(* 3S_alpha for (alpha beta gamma) = (123), (231), (312) *)
Definition S3_1 (p : st) : R :=
  / 3 * (sN1 p * (2 * sN1 p - sN2 p - sN3 p) - (sN2 p - sN3 p) ^ 2).
Definition S3_2 (p : st) : R :=
  / 3 * (sN2 p * (2 * sN2 p - sN3 p - sN1 p) - (sN3 p - sN1 p) ^ 2).
Definition S3_3 (p : st) : R :=
  / 3 * (sN3 p * (2 * sN3 p - sN1 p - sN2 p) - (sN1 p - sN2 p) ^ 2).

Definition fH (w : R) (p : st) : R :=
  qbar w p * (1 - sH p ^ 2) - Fbar p * sH p.
Definition fS1 (w : R) (p : st) : R :=
  sS1 p * ((2 - qbar w p) * sH p - Fbar p) + S3_1 p.
Definition fS2 (w : R) (p : st) : R :=
  sS2 p * ((2 - qbar w p) * sH p - Fbar p) + S3_2 p.
Definition fS3 (w : R) (p : st) : R :=
  sS3 p * ((2 - qbar w p) * sH p - Fbar p) + S3_3 p.
Definition fN1 (w : R) (p : st) : R :=
  - sN1 p * (qbar w p * sH p + 2 * sS1 p + Fbar p).
Definition fN2 (w : R) (p : st) : R :=
  - sN2 p * (qbar w p * sH p + 2 * sS2 p + Fbar p).
Definition fN3 (w : R) (p : st) : R :=
  - sN3 p * (qbar w p * sH p + 2 * sS3 p + Fbar p).

Definition admissible (p : st) : Prop :=
  sS1 p + sS2 p + sS3 p = 0 /\
  sH p ^ 2 + / 6 * (sN1 p * sN2 p + sN1 p * sN3 p + sN2 p * sN3 p) = 1 /\
  0 <= Omega p.

Definition B_IX (p : st) : Prop :=
  admissible p /\ 0 < sN1 p /\ 0 < sN2 p /\ 0 < sN3 p /\ 0 < sH p.

Definition B_N1N2 (p : st) : Prop :=
  admissible p /\ 0 < sN1 p /\ 0 < sN2 p /\ sN3 p = 0 /\ 0 < sH p.
Definition B_N2N3 (p : st) : Prop :=
  admissible p /\ 0 < sN2 p /\ 0 < sN3 p /\ sN1 p = 0 /\ 0 < sH p.
Definition B_N3N1 (p : st) : Prop :=
  admissible p /\ 0 < sN3 p /\ 0 < sN1 p /\ sN2 p = 0 /\ 0 < sH p.

Definition B_VII0 (p : st) : Prop := B_N1N2 p \/ B_N2N3 p \/ B_N3N1 p.

Definition dist2 (p q : st) : R :=
  (sH p - sH q) ^ 2 + (sS1 p - sS1 q) ^ 2 + (sS2 p - sS2 q) ^ 2 +
  (sS3 p - sS3 q) ^ 2 + (sN1 p - sN1 q) ^ 2 + (sN2 p - sN2 q) ^ 2 +
  (sN3 p - sN3 q) ^ 2.

Definition in_closure (P : st -> Prop) (p : st) : Prop :=
  forall eps, 0 < eps -> exists q, P q /\ dist2 p q < eps.

Definition is_solution (w : R) (x : R -> st) : Prop :=
  forall t, 0 <= t ->
    derivable_pt_lim (fun s => sH (x s)) t (fH w (x t)) /\
    derivable_pt_lim (fun s => sS1 (x s)) t (fS1 w (x t)) /\
    derivable_pt_lim (fun s => sS2 (x s)) t (fS2 w (x t)) /\
    derivable_pt_lim (fun s => sS3 (x s)) t (fS3 w (x t)) /\
    derivable_pt_lim (fun s => sN1 (x s)) t (fN1 w (x t)) /\
    derivable_pt_lim (fun s => sN2 (x s)) t (fN2 w (x t)) /\
    derivable_pt_lim (fun s => sN3 (x s)) t (fN3 w (x t)).

Definition omega_limit (x : R -> st) (p : st) : Prop :=
  forall eps T, 0 < eps -> exists t, T <= t /\ dist2 (x t) p < eps.

(* B_IX is forward invariant: each constraint and each sign obeys a linear differential
   inequality along the flow and is therefore propagated by an integrating factor. It is
   also bounded, so every orbit has omega-limit points, and these are admissible with
   N_alpha, H >= 0.

   Delta = N1 N2 N3 / H^3 satisfies Delta' = - 3 q N1 N2 N3 / H^4 <= 0. Let p be an
   omega-limit point with N1 N2 N3 > 0. Either q(p) > 0, or q(p) = 0, which forces
   Sigma = Omega = 0 at p and then a nonzero curvature term 3S_alpha(p), so that
   Sigma_alpha, and with it q >= Sigma_alpha^2 / 3, moves away from zero during every
   passage near p. Either way each of the infinitely many passages near p costs Delta a
   fixed amount, contradicting Delta >= 0. Hence some N_alpha(p) vanishes, and such a
   state is a limit of Bianchi VII_0 states: shrink the shear slightly, lift the other
   two N's and recompute H from the Gauss constraint. *)

From Stdlib Require Import Reals Lra Psatz List Classical.
From Coquelicot Require Import Coquelicot.
Import ListNotations.
Open Scope R_scope.

(** * Calculus on the half-line *)

Lemma dlim_eq f t l l' : derivable_pt_lim f t l -> l = l' -> derivable_pt_lim f t l'.
Proof. now intros H <-. Qed.

Lemma dlim_plus f g t a b : derivable_pt_lim f t a -> derivable_pt_lim g t b ->
  derivable_pt_lim (fun u => f u + g u) t (a + b).
Proof. apply derivable_pt_lim_plus. Qed.

Lemma dlim_minus f g t a b : derivable_pt_lim f t a -> derivable_pt_lim g t b ->
  derivable_pt_lim (fun u => f u - g u) t (a - b).
Proof. apply derivable_pt_lim_minus. Qed.

Lemma dlim_mult f g t a b : derivable_pt_lim f t a -> derivable_pt_lim g t b ->
  derivable_pt_lim (fun u => f u * g u) t (a * g t + f t * b).
Proof. apply derivable_pt_lim_mult. Qed.

Lemma dlim_opp f t a : derivable_pt_lim f t a -> derivable_pt_lim (fun u => - f u) t (- a).
Proof. apply derivable_pt_lim_opp. Qed.

Lemma dlim_const c t : derivable_pt_lim (fun _ => c) t 0.
Proof. apply derivable_pt_lim_const. Qed.

Lemma dlim_pow f t a n : derivable_pt_lim f t a ->
  derivable_pt_lim (fun u => f u ^ n) t (INR n * f t ^ pred n * a).
Proof.
  intros H. apply (derivable_pt_lim_comp f (fun y => y ^ n)); auto.
  apply derivable_pt_lim_pow.
Qed.

Lemma dlim_div f g t a b : derivable_pt_lim f t a -> derivable_pt_lim g t b -> g t <> 0 ->
  derivable_pt_lim (fun u => f u / g u) t ((a * g t - b * f t) / (g t)²).
Proof. apply derivable_pt_lim_div. Qed.

Lemma dlim_exp f t a : derivable_pt_lim f t a ->
  derivable_pt_lim (fun u => exp (f u)) t (exp (f t) * a).
Proof. intros H. apply (derivable_pt_lim_comp f exp); auto. apply derivable_pt_lim_exp. Qed.

Ltac dlim_tac := repeat first
  [ apply dlim_plus | apply dlim_minus | apply dlim_mult | apply dlim_opp
  | apply dlim_pow | apply dlim_const | eassumption ].

Lemma slope_lb f f' a b k : a <= b ->
  (forall c, a <= c <= b -> derivable_pt_lim f c (f' c)) ->
  (forall c, a <= c <= b -> k <= f' c) -> k * (b - a) <= f b - f a.
Proof.
  intros Hab Hd Hk. destruct (Rle_lt_or_eq_dec _ _ Hab) as [Hlt|<-]; [|lra].
  destruct (MVT_cor2 f f' a b Hlt Hd) as [c [-> Hc]].
  apply Rmult_le_compat_r; [lra|]. apply Hk; lra.
Qed.

Lemma increment_sqr_le f f' a b K : a <= b ->
  (forall c, a <= c <= b -> derivable_pt_lim f c (f' c)) ->
  (forall c, a <= c <= b -> Rabs (f' c) <= K) -> (f b - f a) ^ 2 <= (K * (b - a)) ^ 2.
Proof.
  intros Hab Hd HK.
  assert (Hlo := slope_lb f f' a b (- K) Hab Hd
    ltac:(intros c Hc; specialize (HK c Hc); apply Rabs_le_between in HK; lra)).
  assert (Hhi := slope_lb (fun u => - f u) (fun u => - f' u) a b (- K) Hab
    ltac:(intros c Hc; apply dlim_opp, Hd, Hc)
    ltac:(intros c Hc; specialize (HK c Hc); apply Rabs_le_between in HK; lra)).
  assert (0 <= K) by (specialize (HK a ltac:(lra)); pose proof (Rabs_pos (f' a)); lra).
  nra.
Qed.

Lemma ramp_sqr_lower (f f' : R -> R) a L k : 0 < L -> 0 < k ->
  (forall t, a <= t <= a + L -> derivable_pt_lim f t (f' t)) ->
  (forall t, a <= t <= a + L -> k <= f' t) ->
  exists b, a <= b /\ b + L / 4 <= a + L /\
    forall t, b <= t <= b + L / 4 -> (k * L / 4) ^ 2 <= f t ^ 2.
Proof.
  intros HL Hk Hd Hf. assert (0 < k * L / 4) by (apply Rdiv_lt_0_compat; nra).
  destruct (Rle_dec 0 (f (a + L / 2))) as [Hp|Hn].
  - exists (a + 3 * L / 4). split; [lra|]. split; [lra|]. intros t Ht.
    assert (S := slope_lb f f' (a + L / 2) t k ltac:(lra)
      ltac:(intros; apply Hd; lra) ltac:(intros; apply Hf; lra)).
    assert (k * L / 4 <= f t) by nra. nra.
  - exists a. split; [lra|]. split; [lra|]. intros t Ht.
    assert (S := slope_lb f f' t (a + L / 2) k ltac:(lra)
      ltac:(intros; apply Hd; lra) ltac:(intros; apply Hf; lra)).
    assert (f t <= - (k * L / 4)) by nra. nra.
Qed.

Lemma continuity_pt_Rmax0 t : continuity_pt (fun u => Rmax u 0) t.
Proof.
  intros eps Heps. exists eps. split; auto. intros y [_ Hy]. simpl in *. unfold R_dist in *.
  unfold Rmax; destruct (Rle_dec y 0), (Rle_dec t 0); unfold Rabs in *;
  repeat destruct Rcase_abs; lra.
Qed.

(* [E = exp (- int_0^t g)]. As [g] is only assumed continuous on [0, +oo), it is
   extended by [g 0] to the left so that the fundamental theorem of calculus applies. *)
Lemma integrating_factor (f g d : R -> R) :
  (forall t, 0 <= t -> continuity_pt g t) ->
  (forall t, 0 <= t -> derivable_pt_lim f t (d t)) ->
  (forall t, 0 <= t -> g t * f t <= d t) ->
  exists E : R -> R, (forall t, 0 < E t) /\ forall t, 0 <= t -> f 0 * E 0 <= f t * E t.
Proof.
  intros Hg Hd Hle.
  set (ge := fun u => g (Rmax u 0)).
  assert (Hge : forall t, continuity_pt ge t).
  { intros t. apply (continuity_pt_comp (fun u => Rmax u 0) g).
    - apply continuity_pt_Rmax0.
    - apply Hg, Rmax_r. }
  set (G := fun u => RInt ge 0 u).
  assert (HG : forall t, derivable_pt_lim G t (ge t)).
  { intros t. apply is_derive_Reals, (is_derive_RInt ge G 0 t).
    - apply filter_forall. intros y. apply (RInt_correct (V := R_CompleteNormedModule)).
      apply ex_RInt_continuous. intros z _. apply continuity_pt_filterlim, Hge.
    - apply continuity_pt_filterlim, Hge. }
  exists (fun t => exp (- G t)). split; [intros; apply exp_pos|].
  intros t Ht.
  cut (0 * (t - 0) <= f t * exp (- G t) - f 0 * exp (- G 0)); [lra|].
  apply (slope_lb (fun u => f u * exp (- G u))
                  (fun u => d u * exp (- G u) + f u * (exp (- G u) * - ge u))); [lra| |].
  - intros c Hc. apply (dlim_mult f (fun u => exp (- G u))); [apply Hd; lra|].
    apply (dlim_exp (fun u => - G u)), (dlim_opp G), HG.
  - intros c Hc. unfold ge. rewrite (Rmax_left c 0) by lra.
    assert (Hp := exp_pos (- G c)). specialize (Hle c ltac:(lra)). nra.
Qed.

Section LinearSubsolution.

Variables f g : R -> R.
Hypothesis g_cont : forall t, 0 <= t -> continuity_pt g t.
- - - - -
All lines from the one containing "- intros c Hc. unfold" down to the final line above are to be restated word for word; leave out the rest.

RESULT OF THIS EXERCISE –
  - intros c Hc. unfold ge. rewrite (Rmax_left c 0) by lra.
    assert (Hp := exp_pos (- G c)). specialize (Hle c ltac:(lra)). nra.
Qed.

Section LinearSubsolution.

Variables f g : R -> R.
Hypothesis g_cont : forall t, 0 <= t -> continuity_pt g t.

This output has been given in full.